**Problem to solve:** Locate every line in the records below that contains the word "mulSn", and copy each one.

**Records provided:**

Lemma gen_neq1 i : r i != 1.
Proof.
apply/eqP => ri1; apply: Gf; apply/G_phi.
by exists (scalev f (unitv i)); rewrite phiZ phi_unitv ri1 muln1.
Qed.

Lemma single_generator_absurd i : (forall x : 'I_h.+1, x = i) -> False.
Proof.
move=> all_i; have phi1 a : phi r a = a i * r i.
  by rewrite /phi (bigD1 i) //= big1 ?addn0 // => x; rewrite (all_i x) eqxx.
have ri1 : r i = 1.
  by apply: (@eventually_dvdn_eq1 _ f) => n /phi_gtf[c ->]; rewrite phi1 dvdn_mull.
by move: (gen_neq1 i); rewrite ri1.
Qed.

Lemma two_generators_absurd p K : (forall x, x = p \/ x = K) ->
  r p < r K -> f < r K -> ~ is_multiplicity G 2 -> False.
Proof.
move=> pK_only ltpK fK not_m2; have pK : p != K by apply: contraTneq ltpK => ->; rewrite ltnn.
have phi2 a : phi r a = a p * r p + a K * r K.
  rewrite /phi (bigD1 p) //= (bigD1 K) 1?eq_sym //= big1 ?addn0 // => x /andP[xp xK].
  by case: (pK_only x) xp xK => ->; rewrite eqxx.
have coprime_pK : coprime (r p) (r K).
  apply/eqP; apply: (@eventually_dvdn_eq1 _ f) => n /phi_gtf[a ->].
  by rewrite phi2 dvdn_add // dvdn_mull // ?dvdn_gcdl ?dvdn_gcdr.
have [c] : exists c, r K + r K - r p = phi r c by apply: phi_gtf; lia.
rewrite phi2 => eq_c.
have cK0 : c K = 0.
  move: eq_c; case: (c K) => [//|[|k]] eq_c; last by move: eq_c (gen_gt0 p); rewrite !mulSn; lia.
  case: (@r_min K); exists (scalev (c p).+1 (unitv p)).
  by rewrite scalevE unitvE eq_sym (negbTE pK) muln0 phiZ phi_unitv mulSn; lia.
have : r p %| 2.
  by rewrite -(Gauss_dvdr _ coprime_pK); apply/dvdnP; exists (c p).+1; rewrite mulSn; lia.
move/(dvdn_leq (isT : 0 < 2)); have := gen_gt0 p; have := gen_neq1 p.
case: (r p =P 2) => [rp2 _ _ _|]; last lia.
apply: not_m2; split=> //; first by apply/G_phi; exists (unitv p); rewrite phi_unitv.
by move=> x /G_phi[a ->]; rewrite phi2 rp2; case: (a K); lia.
Qed.

Section CompleteIntersection.
Variables (P : seq (vec h.+1 * vec h.+1)) (p K : 'I_h.+1).
Hypotheses (r_inj : injective r) (P_pres : presentation r P) (P_uniq : uniq P)
  (P_size : size P = h) (p_min : forall i, r p <= r i) (K_max : forall i, r i <= r K)
  (pK : p != K) (fK : f < r K).

Lemma ltr_p j : j != p -> r p < r j.
Proof. by move=> jp; rewrite ltn_neqAle p_min andbT (inj_eq r_inj) eq_sym. Qed.

Lemma P_phi q : q \in P -> phi r q.1 = phi r q.2.
Proof. by move=> Pq; apply/P_pres/cg_base; rewrite -surjective_pairing. Qed.

Let w j := vadd (unitv K) (unitv j).
Let touches j (q : vec h.+1 * vec h.+1) := (q.1 == w j) != (q.2 == w j).

Lemma phi_w j : phi r (w j) = r K + r j.
Proof. by rewrite phiD !phi_unitv. Qed.

Lemma P_touches j : j != p -> exists2 q, q \in P & touches j q.
Proof.
move=> jp; have := p_min j => le_pj.
have [c phi_c] : exists c, r K + r j - r p = phi r c by apply: phi_gtf; lia.
have w_cong : cong_gen (fun q => q \in P) (w j) (vadd (unitv p) c).
  by apply/P_pres; rewrite phi_w phiD phi_unitv -phi_c; lia.
case: (cong_gen_rigid P_phi (@rigid_unitvD K j) w_cong) => [|//].
rewrite eqxx => /esym/eqP/(congr1 (fun v : vec h.+1 => v p)).
by rewrite !vaddE !unitvE eqxx (negbTE pK) (eq_sym p j) (negbTE jp).
Qed.

Lemma touches_phi j q : q \in P -> touches j q -> phi r q.1 = r K + r j.
Proof.
rewrite /touches -phi_w => Pq; case: (eqVneq q.1 (w j)) => [-> // | _].
by rewrite (P_phi Pq); case: (q.2 =P w j) => [->|].
Qed.

Lemma P_touched q : q \in P -> exists2 j, j != p & touches j q.
Proof.
have ex_touch j : exists q, (j == p) || (q \in P) && touches j q.
  case: (eqVneq j p) => [_|/P_touches[q' Pq' tq']]; first by exists q.
  by exists q'; rewrite Pq' tq' orbT.
pose g j := xchoose (ex_touch j).
have g_touch j : j != p -> (g j \in P) && touches j (g j).
  by move=> /negbTE jp; case/orP: (xchooseP (ex_touch j)); rewrite ?jp.
move=> Pq; have [|||j jp ->] := @inj_image_cover _ _ (predC1 p) g P P_uniq _ _ _ q Pq.
- by rewrite cardC1 card_ord P_size.
- by move=> j /g_touch/andP[].
- move=> j j' jp j'p gj.
  have /andP[Pj tj] := g_touch j jp; have /andP[Pj' tj'] := g_touch j' j'p.
  apply: r_inj; apply/eqP; rewrite -(eqn_add2l (r K)) -(touches_phi Pj tj) gj.
  by rewrite (touches_phi Pj' tj').
- by exists j => //; have /andP[] := g_touch j jp.
Qed.

Lemma P_component q s : q \in P -> s = q.1 \/ s = q.2 ->
  exists2 j, j != p & s = w j \/ s K = 0 /\ phi r s = r K + r j.
Proof.
move=> Pq s_q; have [j jp tj] := P_touched Pq; exists j => //.
have phi_s : phi r s = phi r (w j).
  by rewrite phi_w; case: s_q => ->; rewrite -?(P_phi Pq) (touches_phi Pq tj).
case: (posnP (s K)) => [sK0|sK_gt0]; [right | left]; first by rewrite -phi_w.
apply: (@rigid_unitvD K j s phi_s); exists K.
by rewrite vaddE unitvE eqxx.
Qed.

Let a t := vadd (unitv K) (scalev t (unitv p)).

Lemma w_not_vle_a j t : j != p -> ~~ vle (w j) (a t).
Proof.
move=> jp; apply/forallP => /(_ j).
by rewrite !vaddE scalevE !unitvE eqxx (negbTE jp) muln0 addn0 addn1 ltnn.
Qed.

Lemma K0_not_vle_a (s : vec h.+1) j t : j != p -> s K = 0 -> phi r s = r K + r j ->
  t * r p <= r K + r p -> ~~ vle s (a t).
Proof.
move=> jp sK0 phi_s t_le; apply/negP => /forallP s_le.
have : vle s (scalev t (unitv p)).
  apply/forallP => x; case: (eqVneq x K) => [->|xK]; first by rewrite sK0.
  by move: (s_le x); rewrite !vaddE !unitvE (negbTE xK).
move/(leq_phi r); rewrite phiZ phi_unitv phi_s; have := ltr_p jp; lia.
Qed.

Lemma isolated_a t : t * r p <= r K + r p -> isolated (fun q => q \in P) (a t).
Proof.
move=> t_le q Pq; have not_vle s : s = q.1 \/ s = q.2 -> ~~ vle s (a t).
  move=> /(P_component Pq)[j jp [->|[sK0 phi_s]]].
    exact: w_not_vle_a.
  exact: K0_not_vle_a phi_s t_le.
by split; apply: not_vle; [left | right].
Qed.

Lemma complete_intersection_absurd i0 : i0 != K -> i0 != p -> False.
Proof.
move=> i0K i0p; pose t := r K %/ r p + 1.
have [rK_le_t t_le] : r K <= t * r p /\ t * r p <= r K + r p.
  have := divn_eq (r K) (r p); have := ltn_pmod (r K) (gen_gt0 p).
  rewrite /t mulnDl mul1n; move: (_ %/ _) (_ %% _) => d m; lia.
have [c phi_c] : exists c, r K + t * r p - r i0 = phi r c by apply: phi_gtf; have := K_max i0; lia.
have /cong_gen_isolated : cong_gen (fun q => q \in P) (a t) (vadd (unitv i0) c).
  by apply/P_pres; rewrite !phiD phiZ !phi_unitv -phi_c; have := K_max i0; lia.
move=> /(_ (isolated_a t_le))/(congr1 (fun v : vec h.+1 => v i0)).
by rewrite !vaddE scalevE !unitvE eqxx (negbTE i0K) (negbTE i0p) muln0 => /eqP.
Qed.

End CompleteIntersection.

End MinimalGenerators.

Unset Implicit Arguments.

Theorem proposition2p11 (G : nat -> Prop) (h : nat) (r : 'I_h.+1 -> nat) :
  numerical_semigroup G ->
  (exists n, ~ G n) ->
  minimally_generated_by G r ->
  complete_intersection r ->
  ~ is_multiplicity G 2 ->
  forall f, is_frobenius G f -> forall k : 'I_h.+1, r k < f.
Proof.
move=> _ _ [r_inj G_phi r_min] [P [P_uniq P_size [P_pres _]]] not_m2 f [Gf G_gtf] k.
rewrite ltnNge; apply/negP => le_fk.
pose K := [arg max_(i > k) r i]; pose p := [arg min_(i < k) r i].
have K_max i : r i <= r K by rewrite /K; case: arg_maxnP => // j _; apply.
have p_min i : r p <= r i by rewrite /p; case: arg_minnP => // j _; apply.
have fK : f < r K.
  rewrite (leq_trans _ (K_max k)) // ltn_neqAle le_fk andbT.
  by apply/eqP => fk; apply: Gf; apply/G_phi; exists (unitv k); rewrite fk phi_unitv.
have [h0 | h_gt0] := posnP h.
  apply: (single_generator_absurd G_phi Gf G_gtf (i := K)) => x.
  by apply: val_inj => /=; have := ltn_ord x; have := ltn_ord K; lia.
have pK : p != K.
  apply: (argmin_neq_argmax (i := ord0) (j := ord_max) r_inj _ p_min K_max).
  by rewrite -val_eqE /= eq_sym -lt0n.
have [h_gt1 | h_le1] := ltnP 1 h.
  have [i0 /andP[i0K i0p]] := ord_third K p (h_gt1 : 2 < h.+1).
  exact: (complete_intersection_absurd G_phi r_min G_gtf r_inj P_pres P_uniq P_size
            p_min K_max pK fK i0K i0p).
apply: (two_generators_absurd G_phi r_min Gf G_gtf (p := p) (K := K)) => //.
- by move=> x; apply: ord_le2_cases.
- by rewrite ltn_neqAle K_max andbT (inj_eq r_inj).
Qed.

**Output below:**
  move: eq_c; case: (c K) => [//|[|k]] eq_c; last by move: eq_c (gen_gt0 p); rewrite !mulSn; lia.
  by rewrite scalevE unitvE eq_sym (negbTE pK) muln0 phiZ phi_unitv mulSn; lia.
  by rewrite -(Gauss_dvdr _ coprime_pK); apply/dvdnP; exists (c p).+1; rewrite mulSn; lia.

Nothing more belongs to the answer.